*What you are asked to do*
Start at the line below containing "have G0 : G j0" and stop at the line containing "Lemma Y_recurrence_of_module (R". Repeat every line of that stretch exactly, and nothing outside it.

Collected data
++++++

(* Let $n,k$ be integers with $1<k<n-1$, let $\mathcal{P}_{k,n}=\{x\in[0,1]^n:\sum_{i=1}^nx_i=k\}$, let $\mathcal{F}$ be a strong Bernoulli factory for $\mathcal{P}_{k,n}$, and let $v$ be a vertex of $\mathcal{P}_{k,n}$. Then for every $T\ge0$ the polynomial $P_{v,T}(x)$ is divisible by $\prod_{i:v_i=1}x_i\prod_{i:v_i=0}(1-x_i)$.
   Context: A Bernoulli factory with output set $V$ (for inputs $x\in[0,1]^n$) is a (possibly infinite) rooted binary tree whose internal nodes are labeled by an index $i\in[n]$ or a known constant $c\in(0,1)$ and whose leaves are labeled by elements of $V$; on input $x$ one walks from the root, at a node labeled $i$ flipping a fresh independent coin that is $1$ with probability $x_i$, at a node labeled $c$ a fresh coin of bias $c$, following the edge labeled by the outcome, and outputs the label of the leaf reached; $\mathcal{F}(x)$ is the output and $T_{\mathcal{F}}(x)$ the depth of the leaf reached. For a polytope $\mathcal{P}$ with vertex set $V$, a strong Bernoulli factory for $\mathcal{P}$ is such a factory with output set $V$ that terminates almost surely and satisfies $\mathbb{E}[\mathcal{F}(x)]=x$ for all $x\in\mathcal{P}$. $P_{v,T}(x)=\Pr[\mathcal{F}(x)=v\wedge T_{\mathcal{F}}(x)\le T]$, regarded as the polynomial equal to the sum, over leaves labeled $v$ at depth at most $T$, of the product of the transition probabilities along the root-to-leaf path (each such product has the form $c\prod_ix_i^{a_i}(1-x_i)^{b_i}$ with $c\ge0$). *)

From mathcomp Require Import all_boot all_order all_algebra.
From mathcomp Require Import reals.
From mathcomp Require Import mpoly.
Set Implicit Arguments. Unset Strict Implicit. Unset Printing Implicit Defensive.
Import Order.TTheory GRing.Theory Num.Theory.
Local Open Scope ring_scope.

Definition hypersimplex (R : realType) (n k : nat) (x : 'rV[R]_n) : Prop :=
  (forall i : 'I_n, 0 <= x 0 i <= 1) /\ \sum_(i < n) x 0 i = k%:R.

Arguments hypersimplex {R} n k x.

Definition is_vertex (R : realType) (n : nat) (P : 'rV[R]_n -> Prop)
    (v : 'rV[R]_n) : Prop :=
  P v /\ forall (y z : 'rV[R]_n) (t : R), P y -> P z -> 0 < t < 1 ->
    v = t *: y + (1 - t) *: z -> y = z.
(* Let $V$ be an $\mathcal{L}[\frac12]$-module on which $c$ acts as $0$, with a basis $\{x_k\mid k\in\frac12\mathbb{Z}\}$ and constants $a,b\in\mathbb{C}$, $f_{p,k},g_{n,k}\in\mathbb{C}$ such that for all $p\in\frac12+\mathbb{Z}$, $n\in\mathbb{Z}$, $k\in\frac12\mathbb{Z}$: $Y_px_k=f_{p,k}x_{k+p}$, $M_nx_k=g_{n,k}x_{k+n}$, $L_nx_k=(a+k+bn)x_{k+n}$ if $k\in\mathbb{Z}$ and $L_nx_k=(a+k+(b+\frac12)n)x_{k+n}$ if $k\in\frac12+\mathbb{Z}$. Then for all $k,j\in\mathbb{Z}$ and $n,p\in\frac12+\mathbb{Z}$, $$(a+k+2bn)f_{p,j}=(a+j+2bp)f_{n,k},$$ and there exists $f_0\in\mathbb{C}$ such that $f_{p,j}=(a+j+2bp)f_0$ for all $j\in\mathbb{Z}$, $p\in\frac12+\mathbb{Z}$.
   Context: $\mathcal{L}[\frac12]$ is the complex Lie algebra with basis $\{L_m,Y_p,M_n,c\mid m,n\in\mathbb{Z},\ p\in\frac12+\mathbb{Z}\}$ and brackets $[L_m,L_{m'}]=(m'-m)L_{m+m'}+\delta_{m,-m'}\frac{m^3-m}{12}c$, $[L_m,Y_p]=(p-\frac m2)Y_{p+m}$, $[L_m,M_n]=nM_{n+m}$, $[Y_p,Y_{p'}]=(p'-p)M_{p+p'}$, $[Y_p,M_n]=[M_n,M_{n'}]=0$, $c$ central. *)

From HB Require Import structures.
From mathcomp Require Import all_boot all_order all_algebra.
Set Implicit Arguments. Unset Strict Implicit. Unset Printing Implicit Defensive.
Import Order.TTheory GRing.Theory Num.Theory.
Local Open Scope ring_scope.

(* Encoding conventions:
   - an element s of (1/2)Z is encoded by the integer t = 2s;
   - an element p of 1/2 + Z is encoded by the integer q with p = q + 1/2
     (i.e. p = (2q+1)/2);
   - m, n in Z are encoded by themselves. *)

Definition hz {R : numFieldType} (q : int) : R := (2 * q + 1)%:~R / 2.
Definition halfv {R : numFieldType} (t : int) : R := t%:~R / 2.

Definition is_L12_module_c0 {R : numFieldType} {V : lmodType R}
  (L : int -> {linear V -> V}) (Y : int -> {linear V -> V})
  (M : int -> {linear V -> V}) : Prop :=
  [/\ (forall (m m' : int) (v : V),
          L m (L m' v) - L m' (L m v) = (m' - m)%:~R *: L (m + m') v),
      (forall (m q : int) (v : V),
          L m (Y q v) - Y q (L m v) = (hz q - m%:~R / 2) *: Y (q + m) v),
      (forall (m n : int) (v : V),
          L m (M n v) - M n (L m v) = n%:~R *: M (n + m) v),
      (forall (q q' : int) (v : V),
          Y q (Y q' v) - Y q' (Y q v) = (hz q' - hz q) *: M (q + q' + 1) v) &
      ((forall (q n : int) (v : V), Y q (M n v) - M n (Y q v) = 0) /\ 
      (forall (n n' : int) (v : V), M n (M n' v) - M n' (M n v) = 0))].

(* x : int -> V, with x t standing for x_{t/2}, is a (Hamel) basis of V. *)
Definition is_basis {R : numFieldType} {V : lmodType R} (x : int -> V) : Prop :=
  (forall (s : seq int) (c : int -> R), uniq s ->
      \sum_(i <- s) c i *: x i = 0 -> forall i, i \in s -> c i = 0)
  /\ (forall v : V, exists (s : seq int) (c : int -> R),
      v = \sum_(i <- s) c i *: x i).

From HB Require Import structures.
From mathcomp Require Import all_boot all_order all_algebra.
From mathcomp Require Import ring zify.
From Stdlib Require Import Classical.
Set Implicit Arguments. Unset Strict Implicit. Unset Printing Implicit Defensive.
Import Order.TTheory GRing.Theory Num.Theory.
Local Open Scope ring_scope.

(* Proof of Lemma 3.3.  Write F q j := f_{q+1/2, j} for the coefficient of
   Y_{q+1/2} on the integral basis vector x_j, and w q j := a + j + 2b(q+1/2)
   for the claimed weight.  Applying the bracket [L_m, Y_{q+1/2}] to x_j and
   reading off the coefficient of x_{j+q+m+1/2} yields a recurrence on F
   ([Y_recurrence] below), and both claims say that F = w * f0 for a constant
   f0.  The recurrence has the following consequences:
   - proportionality to w propagates from rows q0 to q0 + m whenever
     q0 + 1/2 - m/2 <> 0 ([weight_propagates]), so it suffices to treat row 0;
   - in rows 0 and -1 it degenerates into a first-order chain
     w (j+1) F j = w j F (j+1), whose solutions are proportional to w as soon
     as w never vanishes along the row ([AffineChain]);
   - if w vanishes somewhere on both rows, then 2b is an integer t, and
     eliminating the rows -1 and -3 from six instances of the recurrence gives
     (3t^2 - t - 1)(F 0 (j0-1) + F 0 (j0+1)) = 0, where w 0 j0 = 0; since
     3t^2 - t - 1 has no integral root, this is the extra condition under
     which a chain through a zero of w is still proportional to w. *)

Lemma halfv_even (R : numFieldType) (j : int) : (halfv (2 * j) : R) = j%:~R.
Proof. by rewrite /halfv; field. Qed.

Lemma halfv_odd (R : numFieldType) (j q : int) :
  (halfv (2 * j + (2 * q + 1)) : R) = j%:~R + hz q.
Proof. by rewrite /halfv /hz; field. Qed.

Lemma basis_scale_eq0 (R : numFieldType) (V : lmodType R) (x : int -> V)
    (t : int) (k : R) :
  is_basis x -> k *: x t = 0 -> k = 0.
Proof.
move=> [indep _] kx0.
apply: (indep [:: t] (fun _ => k) erefl _ t); last exact: mem_head.
by rewrite big_seq1.
Qed.

Lemma eq_by_multiple (R : pzRingType) (u v P Q k : R) :
  u = v -> P - Q = k * (u - v) -> P = Q.
Proof. by move=> -> /eqP; rewrite subrr mulr0 subr_eq0 => /eqP. Qed.

Lemma no_integral_root (t : int) : 3 * t * t - t - 1 != 0.
Proof.
apply/eqP; have [|[|]] : t <= -1 \/ t = 0 \/ 1 <= t by lia.
all: nia.
Qed.

Section AffineChain.
Variables (R : numFieldType) (W G : int -> R).
Hypothesis W_succ : forall j, W (j + 1) = W j + 1.
Hypothesis G_chain : forall j, W (j + 1) * G j = W j * G (j + 1).

Lemma W_shift k (n : nat) : W (k + n%:Z) = W k + n%:R.
Proof.
elim: n => [|n IHn]; first by rewrite addr0 addr0.
by rewrite -addn1 PoszD addrA W_succ IHn natrD addrA.
Qed.

Lemma W_shiftN k (n : nat) : W (k - n%:Z) = W k - n%:R.
Proof. by have := W_shift (k - n%:Z) n; rewrite subrK => ->; rewrite addrK. Qed.

Lemma chain_up k c : G k = W k * c -> (forall n : nat, W (k + n%:Z) != 0) ->
  forall n : nat, G (k + n%:Z) = W (k + n%:Z) * c.
Proof.
move=> Gk W_nz; elim=> [|n IHn]; first by rewrite addr0.
have -> : k + n.+1%:Z = (k + n%:Z) + 1 by lia.
by apply: (mulfI (W_nz n)); rewrite -G_chain IHn mulrCA.
Qed.

Lemma chain_down k c : G k = W k * c -> (forall n : nat, W (k - n%:Z) != 0) ->
  forall n : nat, G (k - n%:Z) = W (k - n%:Z) * c.
Proof.
move=> Gk W_nz; elim=> [|n IHn]; first by rewrite subr0.
have split_k : k - n%:Z = (k - n.+1%:Z) + 1 by lia.
apply: (mulfI (W_nz n)).
by have := G_chain (k - n.+1%:Z); rewrite -split_k => ->; rewrite IHn mulrCA.
Qed.

Lemma chain_nonvanishing : (forall j, W j != 0) -> exists c, forall j, G j = W j * c.
Proof.
move=> W_nz; exists (G 0 / W 0) => j.
have G0 : G 0 = W 0 * (G 0 / W 0) by rewrite mulrC divfK.
case: j => n.
- by have := chain_up G0 (fun _ => W_nz _) n; rewrite add0r.
- by rewrite NegzE; have := chain_down G0 (fun _ => W_nz _) n.+1; rewrite sub0r.
Qed.

(* If W vanishes at j0, the chain alone forces G j0 = 0 but leaves G on both
   sides of j0 independent; the extra condition ties them together. *)
Lemma chain_vanishing j0 : W j0 = 0 -> G (j0 - 1) + G (j0 + 1) = 0 ->
  exists c, forall j, G j = W j * c.
Proof.
move=> W0 Gsum; exists (G (j0 + 1)) => j.
have Wp : W (j0 + 1) = 1 by rewrite W_succ W0 add0r.
have Wm : W (j0 - 1) = -1.
  by apply/eqP; rewrite -subr_eq0 opprK -W_succ subrK W0.
have G0 : G j0 = 0 by have := G_chain j0; rewrite Wp W0 mul0r mul1r.
have Gp : G (j0 + 1) = W (j0 + 1) * G (j0 + 1) by rewrite Wp mul1r.
have Gm : G (j0 - 1) = W (j0 - 1) * G (j0 + 1).
  by rewrite Wm mulN1r; apply/eqP; rewrite -addr_eq0 Gsum.
have -> : j = j0 + (j - j0) by rewrite addrC subrK.
case: (j - j0) => [[|n]|n].
- by rewrite addr0 W0 G0 mul0r.
- have -> : j0 + n.+1%:Z = (j0 + 1) + n%:Z by lia.
  by apply: (chain_up Gp) => m; rewrite W_shift Wp nat1r pnatr_eq0.
- have -> : j0 + Negz n = (j0 - 1) - n%:Z by rewrite NegzE; lia.
  by apply: (chain_down Gm) => m; rewrite W_shiftN Wm -opprD oppr_eq0 nat1r pnatr_eq0.
Qed.
End AffineChain.

Definition weight {R : numFieldType} (a b : R) (q j : int) : R :=
  a + j%:~R + 2 * b * hz q.

Lemma weight_succ (R : numFieldType) (a b : R) q j :
  weight a b q (j + 1) = weight a b q j + 1.
Proof. by rewrite /weight; ring. Qed.

(* The coefficient identity obtained from [L_m, Y_{q+1/2}] x_j, where F q j is
   the coefficient of Y_{q+1/2} x_j. *)
Definition Y_recurrence {R : numFieldType} (a b : R) (F : int -> int -> R) :=
  forall q j m : int,
    F q j * (a + (j%:~R + hz q) + (b + 1 / 2) * m%:~R)
    - (a + j%:~R + b * m%:~R) * F q (j + m)
    = (hz q - m%:~R / 2) * F (q + m) j.

Lemma Y_recurrence_of_module (R : numFieldType) (V : lmodType R)
    (L Y M : int -> {linear V -> V}) (x : int -> V) (a b : R) (f : int -> int -> R) :
  is_L12_module_c0 L Y M ->
  is_basis x ->
  (forall (q t : int), Y q (x t) = f q t *: x (t + (2 * q + 1))) ->
  (forall (n t : int), ~~ odd `|t|%N ->
      L n (x t) = (a + halfv t + b * n%:~R) *: x (t + 2 * n)) ->
  (forall (n t : int), odd `|t|%N ->
      L n (x t) = (a + halfv t + (b + 1 / 2) * n%:~R) *: x (t + 2 * n)) ->
  Y_recurrence a b (fun q j => f q (2 * j)).
Proof.
move=> [_ LY _ _ _] basis Yx Lx_even Lx_odd q j m /=.
set T := 2 * (j + m) + (2 * q + 1).
have LYx : L m (Y q (x (2 * j))) =
    (f q (2 * j) * (a + (j%:~R + hz q) + (b + 1 / 2) * m%:~R)) *: x T.
  rewrite Yx linearZ /= Lx_odd; last by lia.
  by rewrite halfv_odd scalerA (_ : _ + 2 * m = T) // /T; lia.
have YLx : Y q (L m (x (2 * j))) =
    ((a + j%:~R + b * m%:~R) * f q (2 * (j + m))) *: x T.
  rewrite Lx_even; last by lia.
  by rewrite halfv_even linearZ /= Yx scalerA (_ : 2 * j + 2 * m = 2 * (j + m)) //; lia.
have Yx' : Y (q + m) (x (2 * j)) = f (q + m) (2 * j) *: x T.
  by rewrite Yx (_ : 2 * j + (2 * (q + m) + 1) = T) // /T; lia.
have := LY m q (x (2 * j)).
rewrite LYx YLx Yx' scalerA -scalerBl => /eqP; rewrite -subr_eq0 -scalerBl.
by move=> /eqP /(basis_scale_eq0 basis) /eqP; rewrite subr_eq0 => /eqP.
Qed.

Section Recurrence.
Variables (R : numFieldType) (a b : R) (F : int -> int -> R).
Hypothesis rec : Y_recurrence a b F.

Local Notation w := (weight a b).

Lemma rec_at q j m q' j' : q' = q + m -> j' = j + m ->
  F q j * (a + (j%:~R + hz q) + (b + 1 / 2) * m%:~R)
  - (a + j%:~R + b * m%:~R) * F q j' = (hz q - m%:~R / 2) * F q' j.
Proof. by move=> -> ->; exact: rec. Qed.
Arguments rec_at : clear implicits.

(* The weight itself solves the recurrence, so proportionality to it passes
   from row q0 to row q0 + m whenever the right-hand coefficient is nonzero. *)
Lemma weight_propagates q0 m j c : (hz q0 - m%:~R / 2 : R) != 0 ->
  F q0 j = w q0 j * c -> F q0 (j + m) = w q0 (j + m) * c ->
  F (q0 + m) j = w (q0 + m) j * c.
Proof.
move=> coef_nz Fj Fjm; apply: (mulfI coef_nz).
by rewrite -rec Fj Fjm /weight /hz; field.
Qed.

(* On row 0 with m = 1 the right-hand side vanishes: a first-order chain. *)
Lemma row0_chain j : w 0 (j + 1) * F 0 j = w 0 j * F 0 (j + 1).
Proof.
apply: (eq_by_multiple (k := 1) (rec 0 j 1)).
by rewrite /weight /hz; field.
Qed.

(* Likewise on row -1 with m = -1. *)
Lemma rowN1_chain j : w (-1) (j + 1) * F (-1) j = w (-1) j * F (-1) (j + 1).
Proof.
apply: (eq_by_multiple (k := -1) (rec_at (-1) (j + 1) (-1) (-2) j _ _)); try lia.
by rewrite /weight /hz; field.
Qed.

(* Proportionality on row 0 gives it on every row: directly for q <> 1, and
   through row -1 for q = 1. *)
Lemma row0_spreads c : (forall j, F 0 j = w 0 j * c) ->
  forall q j, F q j = w q j * c.
Proof.
move=> row0.
have rowN1 j : F (-1) j = w (-1) j * c.
  apply: (weight_propagates (q0 := 0) (m := -1)) (row0 _) (row0 _).
  by rewrite /hz (_ : _ - _ = 1); [exact: oner_neq0 | field].
move=> q j; have [->|q_ne1] := eqVneq q 1.
  apply: (weight_propagates (q0 := -1) (m := 2)) (rowN1 _) (rowN1 _).
  rewrite /hz (_ : _ - _ = - (3 / 2)); last by field.
  by rewrite oppr_eq0 mulf_neq0 ?invr_eq0 ?pnatr_eq0.
rewrite -[q]add0r; apply: weight_propagates (row0 _) (row0 _).
rewrite /hz (_ : _ - _ = (1 - q)%:~R / 2); last by field.
rewrite mulf_neq0 ?invr_eq0 ?pnatr_eq0 // intr_eq0; lia.
Qed.

Lemma rowN1_to_row0 c : (forall j, F (-1) j = w (-1) j * c) ->
  forall j, F 0 j = w 0 j * c.
Proof.
move=> rowN1 j.
apply: (weight_propagates (q0 := -1) (m := 1)) (rowN1 _) (rowN1 _).
by rewrite /hz (_ : _ - _ = -1); [rewrite oppr_eq0 oner_eq0 | field].
Qed.

(* The chain on row 0
   gives F 0 j0 = 0 and F 0 (j0-2) = 2 F 0 (j0-1); the recurrence then
   expresses F (-1) (j0 -+ 1) through row 0, and F (-3) (j0+1) in two ways,
   from row 0 and from row -1.  The two expressions differ by
   (3t^2 - t - 1) (F 0 (j0-1) + F 0 (j0+1)), which therefore vanishes. *)
Lemma degenerate_row0 j0 (t : int) : w 0 j0 = 0 -> 2 * b = t%:~R ->
  F 0 (j0 - 1) + F 0 (j0 + 1) = 0.
Proof.
move=> w0 two_b.
have a_val : a = - j0%:~R - b.
  by apply/eqP; rewrite -subr_eq0 -w0 /weight /hz; apply/eqP; field.
set P := F 0 (j0 + 1); set Q := F 0 (j0 - 1).
have F0 : F 0 j0 = 0.
  by have := row0_chain j0; rewrite weight_succ w0 add0r mul1r mul0r.
have F0m2 : F 0 (j0 - 2) = 2 * Q.
  have := row0_chain (j0 - 2); rewrite (_ : j0 - 2 + 1 = j0 - 1); last by lia.
  move=> chain; apply: (eq_by_multiple (k := -1) chain).
  by rewrite /weight /hz a_val /Q; field.
have FN1p : F (-1) (j0 + 1) = (1 - 2 * b) * P.
  apply: (eq_by_multiple (k := -1)
    (rec_at 0 (j0 + 1) (-1) (-1) j0 _ _)); try lia.
  by rewrite F0 /hz a_val /P; field.
have FN1m : F (-1) (j0 - 1) = (1 + 2 * b) * Q.
  apply: (eq_by_multiple (k := -1)
    (rec_at 0 (j0 - 1) (-1) (-1) (j0 - 2) _ _)); try lia.
  by rewrite F0m2 /hz a_val /Q; field.
have FN3_row0 : F (-3) (j0 + 1) = - 2 * b * P - (1 - 4 * b) * Q.
  apply: (eq_by_multiple (k := - (1 / 2))
    (rec_at 0 (j0 + 1) (-3) (-3) (j0 - 2) _ _)); try lia.
  by rewrite F0m2 /hz a_val /P /Q; field.
have FN3_rowN1 : F (-3) (j0 + 1) =
    - (1 + 6 * b) * (1 - 2 * b) * P - 2 * (1 - 3 * b) * (1 + 2 * b) * Q.
  apply: (eq_by_multiple (k := -2)
    (rec_at (-1) (j0 + 1) (-2) (-3) (j0 - 1) _ _)); try lia.
  by rewrite FN1p FN1m /hz a_val /P /Q; field.
have quad_nz : 3 * (2 * b) * (2 * b) - 2 * b - 1 != 0.
  have := no_integral_root t; rewrite -(intr_eq0 R) !rmorphB !rmorphM /=.
  by rewrite two_b.
apply: (mulfI quad_nz); rewrite mulr0.
apply: (eq_by_multiple (k := -1) (etrans (esym FN3_row0) FN3_rowN1)).
by rewrite /P /Q; field.
Qed.

Lemma proportional_to_weight : exists c, forall q j, F q j = w q j * c.
Proof.
have [[j0 w0]|w0_nz] := classic (exists j0, w 0 j0 = 0); last first.
  have w0_ne j : w 0 j != 0 by apply/eqP => w0; apply: w0_nz; exists j.
  have [c Fc] := chain_nonvanishing row0_chain w0_ne.
  by exists c; apply: row0_spreads.
have [[j1 w1]|w1_nz] := classic (exists j1, w (-1) j1 = 0); last first.
  have w1_ne j : w (-1) j != 0 by apply/eqP => w1; apply: w1_nz; exists j.
  have [c Fc] := chain_nonvanishing rowN1_chain w1_ne.
  by exists c; apply/row0_spreads/rowN1_to_row0.
have two_b : 2 * b = (j1 - j0)%:~R.
  apply: (eq_by_multiple (k := 1) (etrans w0 (esym w1))).
  by rewrite /weight /hz; field.
have [c Fc] := chain_vanishing (weight_succ a b 0) row0_chain w0
  (degenerate_row0 w0 two_b).
by exists c; apply: row0_spreads.
Qed.
End Recurrence.

Theorem lemma3p3 (R : numClosedFieldType) (V : lmodType R)
  (L : int -> {linear V -> V}) (Y : int -> {linear V -> V})
  (M : int -> {linear V -> V}) (x : int -> V)
  (a b : R) (f : int -> int -> R) (g : int -> int -> R) :
  is_L12_module_c0 L Y M ->
  is_basis x ->
  (forall (q t : int), Y q (x t) = f q t *: x (t + (2 * q + 1))) ->
  (forall (n t : int), M n (x t) = g n t *: x (t + 2 * n)) ->
  (forall (n t : int), ~~ odd `|t|%N ->
      L n (x t) = (a + halfv t + b * n%:~R) *: x (t + 2 * n)) ->
  (forall (n t : int), odd `|t|%N ->
      L n (x t) = (a + halfv t + (b + 1 / 2) * n%:~R) *: x (t + 2 * n)) ->
  (forall (k j qn qp : int),
      (a + k%:~R + 2 * b * hz qn) * f qp (2 * j)
      = (a + j%:~R + 2 * b * hz qp) * f qn (2 * k))
  /\ (exists f0 : R, forall (j qp : int),
      f qp (2 * j) = (a + j%:~R + 2 * b * hz qp) * f0).
Proof.
move=> module basis Yx _ Lx_even Lx_odd.
have [c Fc] := proportional_to_weight
  (Y_recurrence_of_module module basis Yx Lx_even Lx_odd).
have fc q j : f q (2 * j) = weight a b q j * c := Fc q j.
split; last by exists c.
by move=> k j qn qp; rewrite !fc /weight mulrCA.
Qed.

++++++

*Solution to this exercise*
have G0 : G j0 = 0 by have := G_chain j0; rewrite Wp W0 mul0r mul1r.
have Gp : G (j0 + 1) = W (j0 + 1) * G (j0 + 1) by rewrite Wp mul1r.
have Gm : G (j0 - 1) = W (j0 - 1) * G (j0 + 1).
  by rewrite Wm mulN1r; apply/eqP; rewrite -addr_eq0 Gsum.
have -> : j = j0 + (j - j0) by rewrite addrC subrK.
case: (j - j0) => [[|n]|n].
- by rewrite addr0 W0 G0 mul0r.
- have -> : j0 + n.+1%:Z = (j0 + 1) + n%:Z by lia.
  by apply: (chain_up Gp) => m; rewrite W_shift Wp nat1r pnatr_eq0.
- have -> : j0 + Negz n = (j0 - 1) - n%:Z by rewrite NegzE; lia.
  by apply: (chain_down Gm) => m; rewrite W_shiftN Wm -opprD oppr_eq0 nat1r pnatr_eq0.
Qed.
End AffineChain.

Definition weight {R : numFieldType} (a b : R) (q j : int) : R :=
  a + j%:~R + 2 * b * hz q.

Lemma weight_succ (R : numFieldType) (a b : R) q j :
  weight a b q (j + 1) = weight a b q j + 1.
Proof. by rewrite /weight; ring. Qed.

(* The coefficient identity obtained from [L_m, Y_{q+1/2}] x_j, where F q j is
   the coefficient of Y_{q+1/2} x_j. *)
Definition Y_recurrence {R : numFieldType} (a b : R) (F : int -> int -> R) :=
  forall q j m : int,
    F q j * (a + (j%:~R + hz q) + (b + 1 / 2) * m%:~R)
    - (a + j%:~R + b * m%:~R) * F q (j + m)
    = (hz q - m%:~R / 2) * F (q + m) j.

Lemma Y_recurrence_of_module (R : numFieldType) (V : lmodType R)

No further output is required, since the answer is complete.